Manage your tool registry:

from graphbit import get_tool_registry, clear_tools

# Register a test tool first
@tool(description="Test tool for registry")
def test_tool() -> str:
    return "test"

# Get registry
registry = get_tool_registry()

# List all registered tools
tools = registry.list_tools()
print("Registered tools:", [tool.name for tool in tools])

# Get tool metadata
for tool in tools:
    print(f"Tool: {tool.name}")
    print(f"Description: {tool.description}")
    print(f"Parameters: {tool.parameters_schema}")
    print(f"Call count: {tool.call_count}")

# Clear all tools (useful for testing)
clear_tools()

Async Tool Support

While tools themselves are synchronous, you can handle async operations:

import asyncio
from concurrent.futures import ThreadPoolExecutor

@tool(description="Perform async operation synchronously")
def async_operation(url: str, timeout: int = 30) -> Dict[str, Any]:
    """Perform an async operation in a sync context."""
    import aiohttp

    async def fetch_async():
        async with aiohttp.ClientSession() as session:
            async with session.get(url, timeout=timeout) as response:
                return {
                    "status": response.status,
                    "data": await response.text(),
                    "headers": dict(response.headers)
                }

    # Run async operation in sync context
    try:
        loop = asyncio.get_event_loop()
    except RuntimeError:
        loop = asyncio.new_event_loop()
        asyncio.set_event_loop(loop)

    return loop.run_until_complete(fetch_async())

Provider Tool Calling Support

GraphBit supports tool calling across multiple AI providers.

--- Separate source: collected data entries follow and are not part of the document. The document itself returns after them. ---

(* Let $G$ be a strategic game with players $1,\dots,n$ and $\phi=(\phi_1,\dots,\phi_n)$ with each $\phi_i$ a positive optimality condition for player $i$. Then for every belief model $(\Omega,\bar s_1,\dots,\bar s_n,P_1,\dots,P_n)$ for $G$, $$[\![\mathit{rat}_\phi]\!]\cap[\![\Box^*\mathit{rat}_\phi]\!]\subseteq[\![\nu X.\,O_\phi X]\!],$$ i.e. the formula $(\mathit{rat}_\phi\wedge\Box^*\mathit{rat}_\phi)\rightarrow\nu X.O_\phi X$ is valid.
   Context: Strategic game: $G=(T_1,\dots,T_n,<_1,\dots,<_n)$ with arbitrary nonempty strategy sets $T_i$ and $<_i$ a total linear order on $T=\prod_i T_i$; $\ge_i$ its reflexive closure. Notation $s_{-i}$, $(s_i,t_{-i})$ as usual. A restriction is $S=(S_1,\dots,S_n)$ with $S_i\subseteq T_i$. $\mathcal{L}_O$: first-order formulas from atoms $C(a)$, $a\ge^i_c b$ ($a,b,c$ variables or constant $o$) with $\neg,\wedge,\exists$. For an optimality model $(G,G',s)$ ($G'$ a restriction, $s\in T$) and assignment $\alpha$ (variables to $T$, $o\mapsto s$): $C(x)$ holds iff $\alpha(x)_j\in G'_j$ for all $j$; $x\ge^i_z y$ holds iff $(\alpha(x)_i,\alpha(z)_{-i})\ge_i(\alpha(y)_i,\alpha(z)_{-i})$. An optimality condition for $i$ is a closed $\mathcal{L}_O$-formula using only $\ge^i$; it is positive if every $C(\cdot)$ occurs under an even number of negations. Belief model: $(\Omega,\bar s_1,\dots,\bar s_n,P_1,\dots,P_n)$, $\Omega\ne\emptyset$, $\bar s_i:\Omega\to T_i$, $P_i:\Omega\to 2^\Omega$; $\bar s(\omega)=(\bar s_i(\omega))_i$; $(G_E)_i=\{\bar s_i(u):u\in E\}$ for $E\subseteq\Omega$. $\mathcal{L}_\nu$: $\psi::=\mathit{rat}_{\phi_i}\mid X\mid\psi\wedge\psi\mid\neg\psi\mid\Box_i\psi\mid O_{\phi_i}\psi\mid\nu X.\psi$ ($\nu$-free body). Semantics $[\![\psi]\!]_E\subseteq\Omega$ for $E\subseteq\Omega$: $[\![\mathit{rat}_{\phi_i}]\!]_E=\{\omega:(G,G_{P_i(\omega)},\bar s(\omega))\models\phi_i\}$; $[\![X]\!]_E=E$; $\wedge,\neg$ as intersection and complement; $[\![\Box_i\psi]\!]_E=\{\omega:P_i(\omega)\subseteq[\![\psi]\!]_E\}$; $[\![O_{\phi_i}\psi]\!]_E=\{\omega:(G,G_{[\![\psi]\!]_E},\bar s(\omega))\models\phi_i\}$; $[\![\nu X.\psi]\!]_E$ is the outcome of the operator $F\mapsto[\![\psi]\!]_F\cap F$ on $\mathcal P(\Omega)$. Here the outcome of an operator $O$ on a complete lattice with top $\top$ is $O^{\alpha}$ for the least ordinal $\alpha$ with $O^{\alpha+1}=O^\alpha$, where $O^0=\top$, $O^{\alpha+1}=O(O^\alpha)$, $O^\beta=\bigcap_{\alpha<\beta}O^\alpha$ for limit $\beta$. For formulas without free $X$ write $[\![\psi]\!]$. Abbreviations $\mathit{rat}_\phi=\bigwedge_i\mathit{rat}_{\phi_i}$, $\Box\psi=\bigwedge_i\Box_i\psi$, $O_\phi\psi=\bigwedge_iO_{\phi_i}\psi$, $\Box^*\psi:=\nu X.\Box(X\wedge\psi)$. A formula is valid if its interpretation is $\Omega$ in every belief model for $G$. *)

From mathcomp Require Import all_boot.
Set Implicit Arguments. Unset Strict Implicit. Unset Printing Implicit Defensive.

(* Players are 'I_n (i.e. 0..n-1, standing for 1..n).                  *)

Definition prof (n : nat) (T : 'I_n -> Type) := forall i : 'I_n, T i.

Definition restriction (n : nat) (T : 'I_n -> Type) := forall i : 'I_n, T i -> Prop.

Definition upd (n : nat) (T : 'I_n -> Type) (i : 'I_n) (x z : prof T) : prof T :=
  fun j => if j == i then x j else z j.

Record game (n : nat) (T : 'I_n -> Type) := Game {
  glt : 'I_n -> prof T -> prof T -> Prop;
  glt_irrefl : forall i s, ~ glt i s s;
  glt_trans : forall i s t u, glt i s t -> glt i t u -> glt i s u;
  glt_total : forall i s t, glt i s t \/ s = t \/ glt i t s;
  T_nonempty : forall i, inhabited (T i)
}.

Definition gge (n : nat) (T : 'I_n -> Type) (G : game T) (i : 'I_n) (s t : prof T) : Prop :=
  glt G i t s \/ s = t.

Inductive oterm := OVar (k : nat) | OConst .

Inductive oform (n : nat) :=
  | OC (a : oterm)
  | OGe (i : 'I_n) (a c b : oterm)
  | ONeg (f : oform n)
  | OAnd (f g : oform n)
  | OEx (k : nat) (f : oform n).

Arguments OC {n} a.
Arguments ONeg {n} f.
Arguments OAnd {n} f g.
Arguments OEx {n} k f.

Definition oval (n : nat) (T : 'I_n -> Type) (s : prof T) (alpha : nat -> prof T) (a : oterm)
  : prof T := match a with OVar k => alpha k | OConst => s end.

Definition oupd (n : nat) (T : 'I_n -> Type) (alpha : nat -> prof T) (k : nat) (p : prof T)
  : nat -> prof T := fun m => if m == k then p else alpha m.

Fixpoint osat (n : nat) (T : 'I_n -> Type) (G : game T) (G' : restriction T) (s : prof T)
    (alpha : nat -> prof T) (f : oform n) {struct f} : Prop :=
  match f with
  | OC a => forall j, G' j (oval s alpha a j)
  | OGe i a c b =>
      gge G i (upd i (oval s alpha a) (oval s alpha c))
              (upd i (oval s alpha b) (oval s alpha c))
  | ONeg f1 => ~ osat G G' s alpha f1
  | OAnd f1 f2 => osat G G' s alpha f1 /\ osat G G' s alpha f2
  | OEx k f1 => exists p : prof T, osat G G' s (oupd alpha k p) f1
  end.

(* (G, G', s) |= phi  for a closed formula phi (the assignment is irrelevant). *)
Definition omodels (n : nat) (T : 'I_n -> Type) (G : game T) (G' : restriction T) (s : prof T)
    (f : oform n) : Prop :=
  forall alpha : nat -> prof T, osat G G' s alpha f.

Definition oterm_bound (bound : nat -> Prop) (a : oterm) : Prop :=
  match a with OVar k => bound k | OConst => True end.

Fixpoint oscoped (n : nat) (bound : nat -> Prop) (f : oform n) : Prop :=
  match f with
  | OC a => oterm_bound bound a
  | OGe _ a c b => oterm_bound bound a /\ oterm_bound bound c /\ oterm_bound bound b
  | ONeg f1 => oscoped bound f1
  | OAnd f1 f2 => oscoped bound f1 /\ oscoped bound f2
  | OEx k f1 => oscoped (fun m => m = k \/ bound m) f1
  end.

Definition oclosed (n : nat) (f : oform n) : Prop := oscoped (fun _ => False) f.

Fixpoint only_player (n : nat) (i : 'I_n) (f : oform n) : Prop :=
  match f with
  | OC _ => True
  | OGe j _ _ _ => j = i
  | ONeg f1 => only_player i f1
  | OAnd f1 f2 => only_player i f1 /\ only_player i f2
  | OEx _ f1 => only_player i f1
  end.

Definition optimality_condition (n : nat) (i : 'I_n) (f : oform n) : Prop :=
  oclosed f /\ only_player i f.

(* every C(.) occurs under an even number of negations;
   [even = true] means we are currently under an even number of negations *)
Fixpoint C_polarity_ok (n : nat) (even : bool) (f : oform n) : Prop :=
  match f with
  | OC _ => even = true
  | OGe _ _ _ _ => True
  | ONeg f1 => C_polarity_ok (~~ even) f1
  | OAnd f1 f2 => C_polarity_ok even f1 /\ C_polarity_ok even f2
  | OEx _ f1 => C_polarity_ok even f1
  end.

Definition positive (n : nat) (f : oform n) : Prop := C_polarity_ok true f.

Record belief_model (n : nat) (T : 'I_n -> Type) := BeliefModel {
  Omega : Type;
  Omega_nonempty : inhabited Omega;
  sbar : forall i : 'I_n, Omega -> T i;
  Pbel : 'I_n -> Omega -> Omega -> Prop         (* Pbel i w u  <->  u \in P_i(w) *)
}.

Definition sbar_prof (n : nat) (T : 'I_n -> Type) (M : belief_model T) (w : Omega M) : prof T :=
  fun i => @sbar _ _ M i w.

Definition GE (n : nat) (T : 'I_n -> Type) (M : belief_model T) (E : Omega M -> Prop)
  : restriction T :=
  fun i x => exists u, E u /\ @sbar _ _ M i u = x.

(* Outcome of an operator on P(Omega) via transfinite iteration from   *)
(* the top.  The iterates O^alpha are exactly the sets generated from  *)
(* the top by O (successor steps) and by intersections of arbitrary    *)
(* collections of iterates (limit steps); the outcome is the iterate   *)
(* that is a fixed point of O (the first iterate with O^{a+1}=O^a).    *)

Inductive stage (W : Type) (O : (W -> Prop) -> (W -> Prop)) : (W -> Prop) -> Prop :=
  | stage_top : stage O (fun _ => True)
  | stage_succ : forall X, stage O X -> stage O (O X)
  | stage_lim : forall K : (W -> Prop) -> Prop,
      (forall X, K X -> stage O X) -> stage O (fun w => forall X, K X -> X w).

Definition outcome (W : Type) (O : (W -> Prop) -> (W -> Prop)) : W -> Prop :=
  fun w => exists X, stage O X /\ (forall v, O X v <-> X v) /\ X w.

Inductive lnu (n : nat) :=
  | Rat (i : 'I_n) (phi : oform n)
  | Xv
  | LAnd (p q : lnu n)
  | LNeg (p : lnu n)
  | Box (i : 'I_n) (p : lnu n)
  | Opt (i : 'I_n) (phi : oform n) (p : lnu n)
  | Nu (p : lnu n).

Arguments Xv {n}.
Arguments LAnd {n} p q.
Arguments LNeg {n} p.
Arguments Nu {n} p.

Fixpoint sem (n : nat) (T : 'I_n -> Type) (G : game T) (M : belief_model T)
    (p : lnu n) (E : Omega M -> Prop) {struct p} : Omega M -> Prop :=
  match p with
  | Rat i phi => fun w => omodels G (GE (@Pbel _ _ M i w)) (sbar_prof w) phi
  | Xv => E
  | LAnd p1 p2 => fun w => @sem n T G M p1 E w /\ @sem n T G M p2 E w
  | LNeg p1 => fun w => ~ @sem n T G M p1 E w
  | Box i p1 => fun w => forall u, @Pbel _ _ M i w u -> @sem n T G M p1 E u
  | Opt i phi p1 => fun w => omodels G (GE (@sem n T G M p1 E)) (sbar_prof w) phi
  | Nu p1 => outcome (fun F => fun w => @sem n T G M p1 F w /\ F w)
  end.

(* Big conjunction over all players (the empty conjunction is the tautology
   ~(X /\ ~X), whose interpretation is always Omega). *)
Fixpoint bigAnd (n : nat) (l : seq (lnu n)) : lnu n :=
  match l with
  | [::] => LNeg (LAnd Xv (LNeg Xv))
  | [:: p] => p
  | p :: l' => LAnd p (bigAnd l')
  end.

Definition rat_all (n : nat) (phi : 'I_n -> oform n) : lnu n :=
  bigAnd [seq Rat i (phi i) | i <- enum 'I_n].

Definition box_all (n : nat) (p : lnu n) : lnu n :=
  bigAnd [seq Box i p | i <- enum 'I_n].

Definition opt_all (n : nat) (phi : 'I_n -> oform n) (p : lnu n) : lnu n :=
  bigAnd [seq Opt i (phi i) p | i <- enum 'I_n].

Definition boxstar (n : nat) (p : lnu n) : lnu n := Nu (box_all (LAnd Xv p)).

Arguments sem {n T} G M p E _.

(* Let Y be a fixed point witnessing Box^* rat_phi at w and R the states of Y
   where every player is rational; R contains w and is closed under every
   P_i.  Since phi_i is positive, its satisfaction only grows with the
   restriction, so a player rational with respect to beliefs lying in some
   F satisfies O_phi F.  Hence R lies in every stage of the iteration
   defining nu X. O_phi X, and so in its outcome. *)

From mathcomp Require Import all_boot.

Section Outcome.

Variables (W : Type) (O : (W -> Prop) -> (W -> Prop)).

Lemma stage_sub {R : W -> Prop} :
  (forall F, (forall v, R v -> F v) -> forall v, R v -> O F v) ->
  forall X, stage O X -> forall v, R v -> X v.
Proof.
move=> Opres X; elim=> [//|X0 _ IH|K _ IH v Rv X0 KX0]; first exact: Opres.
exact: IH.
Qed.

Hypothesis O_deflationary : forall F v, O F v -> F v.

(* The intersection of all stages is itself a stage, hence a fixed point. *)
Lemma outcome_coind (R : W -> Prop) :
  (forall F, (forall v, R v -> F v) -> forall v, R v -> O F v) ->
  forall v, R v -> outcome O v.
Proof.
move=> Opres v Rv.
pose Z v := forall X, stage O X -> X v.
have Zstage : stage O Z by apply: stage_lim.
exists Z; split=> //; split=> [u|]; last by move=> X /(stage_sub Opres); apply.
split; first exact: O_deflationary.
by move=> Zu; apply: Zu _ (stage_succ Zstage).
Qed.

End Outcome.

Lemma outcome_postfixed {W : Type} {O : (W -> Prop) -> (W -> Prop)} {v} :
  outcome O v -> exists Y, Y v /\ forall u, Y u -> O Y u.
Proof. by move=> [Y [_ [YO Yv]]]; exists Y; split=> // u /YO. Qed.

Section PositiveMonotone.

Variables (n : nat) (T : 'I_n -> Type) (G : game T).

Lemma osat_polarity_mono {G1 G2 : restriction T} {s f} :
  (forall j x, G1 j x -> G2 j x) -> forall even alpha, C_polarity_ok even f ->
  if even then osat G G1 s alpha f -> osat G G2 s alpha f
  else osat G G2 s alpha f -> osat G G1 s alpha f.
Proof.
move=> sub12; elim: f => [a|i a c b|f IH|f IHf g IHg|k f IH] even alpha /=.
- by move=> -> Ha j; apply: sub12.
- by case: even.
- by move=> /(IH _ alpha); case: even => /= mono nf1 f2; apply/nf1/mono.
- move=> [/(IHf _ alpha) monof /(IHg _ alpha) monog].
  by case: even monof monog => /= monof monog [? ?]; split; auto.
- by case: even => pol [p fp]; exists p; apply: (IH _ _ pol).
Qed.

Lemma omodels_positive_mono {G1 G2 : restriction T} {s} {f : oform n} :
  positive f -> (forall j x, G1 j x -> G2 j x) ->
  omodels G G1 s f -> omodels G G2 s f.
Proof.
by move=> pos sub12 f1 alpha; exact: (osat_polarity_mono sub12 true alpha pos (f1 alpha)).
Qed.

End PositiveMonotone.

Section BeliefModel.

Variables (n : nat) (T : 'I_n -> Type) (G : game T) (M : belief_model T).

Lemma GE_sub {E F : Omega M -> Prop} :
  (forall u, E u -> F u) -> forall j x, @GE _ _ M E j x -> @GE _ _ M F j x.
Proof. by move=> EF j x [u [Eu <-]]; exists u; split=> //; apply: EF. Qed.

Lemma sem_bigAnd_map (f : 'I_n -> lnu n) E v (s : seq 'I_n) :
  sem G M (bigAnd [seq f i | i <- s]) E v <-> forall i, i \in s -> sem G M (f i) E v.
Proof.
elim: s => [|a [|b s] IH].
- by split=> [_ i|_ [? ?]] //; rewrite in_nil.
- by split=> [fa i|fs]; [rewrite mem_seq1 => /eqP -> | apply: fs; rewrite mem_seq1].
- split=> [[fa /IH fs] i|fs]; first by rewrite in_cons => /orP [/eqP -> //|/fs].
  split; first by apply: fs; rewrite mem_head.
  by apply/IH => i si; apply: fs; rewrite in_cons si orbT.
Qed.

Lemma sem_bigAnd_enum (f : 'I_n -> lnu n) E v :
  sem G M (bigAnd [seq f i | i <- enum 'I_n]) E v <-> forall i, sem G M (f i) E v.
Proof.
by split=> [/sem_bigAnd_map fs i|fs]; [apply: fs | apply/sem_bigAnd_map] => *; rewrite ?mem_enum.
Qed.

Lemma opt_of_rat_beliefs i (f : oform n) E (F : Omega M -> Prop) v :
  positive f -> sem G M (Rat i f) E v -> (forall u, Pbel i v u -> F u) ->
  sem G M (Opt i f Xv) F v.
Proof. by move=> pos rat beliefsF; exact: omodels_positive_mono pos (GE_sub beliefsF) rat. Qed.

Lemma sem_rat_all_env (phi : 'I_n -> oform n) E F v :
  sem G M (rat_all phi) E v -> sem G M (rat_all phi) F v.
Proof. by move/sem_bigAnd_enum=> rat_v; apply/sem_bigAnd_enum. Qed.

Lemma opt_all_of_rat_all (phi : 'I_n -> oform n) E (F : Omega M -> Prop) v :
  (forall i, positive (phi i)) -> sem G M (rat_all phi) E v ->
  (forall i u, Pbel i v u -> F u) -> sem G M (opt_all phi Xv) F v.
Proof.
move=> pos /sem_bigAnd_enum rat_v beliefsF; apply/sem_bigAnd_enum => i.
exact: opt_of_rat_beliefs (pos i) (rat_v i) (beliefsF i).
Qed.

End BeliefModel.

Theorem mainTheorem2 (n : nat) (T : 'I_n -> Type) (G : game T)
    (phi : 'I_n -> oform n)
    (Hphi : forall i : 'I_n, optimality_condition i (phi i) /\ positive (phi i))
    (M : belief_model T) (w : Omega M) :
  sem G M (rat_all phi) (fun _ => True) w ->
  sem G M (boxstar (rat_all phi)) (fun _ => True) w ->
  sem G M (Nu (opt_all phi Xv)) (fun _ => True) w.
Proof.
have pos i : positive (phi i) by case: (Hphi i).
move=> rat_w /outcome_postfixed [Y [Yw Ypost]].
pose R v := Y v /\ sem G M (rat_all phi) Y v.
have R_closed v i u : R v -> Pbel i v u -> R u.
  by move=> [/Ypost [/sem_bigAnd_enum boxes _] _] /(boxes i).
apply: (@outcome_coind _ _ _ R) => [F v [] //|F RF v Rv|].
- split; last exact: RF.
  apply: opt_all_of_rat_all pos (proj2 Rv) _ => i u vu.
  exact/RF/(R_closed v i).
- by split; last exact: sem_rat_all_env rat_w.
Qed.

The following tables show which models support tool calling functionality for each provider.

OpenAI

Model Name Tool Calling Support Context Length Type
gpt-4o 128K General purpose reasoning
gpt-4o-mini 128K Quick reasoning
gpt-4-turbo 128K Optimized
gpt-4 8K / also 32K Standard
gpt-3.5-turbo 4K / also 16K Lightweight

Anthropic

Model Name Tool Calling Support Context Length Type
claude-opus-4-1-20250805 200K Complex reasoning
claude-sonnet-4-20250514 200K / also upto 1M Balanced performance
claude-3-haiku-20240307 200K Lightweight

DeepSeek

Model Name Tool Calling Support Context Length Type
deepseek-chat ~128K General conversation, instruction following
deepseek-coder ~128K Code generation, programming tasks
deepseek-reasoner ~128K Complex reasoning, mathematics

Perplexity

Model Name Tool Calling Support Context Length Type
sonar 8K Real-time search capabilities
sonar-reasoning 8K Enhanced reasoning with search
sonar-deep-research 32K Deep research capabilities

xAI

Model Name Tool Calling Support Context Length Type
grok-4 256K Complex Reasoning
grok-4-0709 256K Stable version of grok-4
grok-code-fast-1 256K Code Generation
grok-3 131K General purpose
grok-3-mini 141K Quick tasks

Ollama (Local Models)

Model Name Tool Calling Support Context Length Type
llama3.2 8K-128K General purpose
llama3.1 8K-128K General purpose
codellama 16K-100K+ Code generation

N.B.: Tool calling support for OpenRouter, FireworksAI, ReplicateAI and TogetherAI depends on the specific model being used. Check their official documentations for more details.


This comprehensive guide covers various aspects of GraphBit's tool calling system. Use it as a reference for building powerful, tool-enabled workflows that can interact with external systems, process data, and perform complex operations through LLM agents.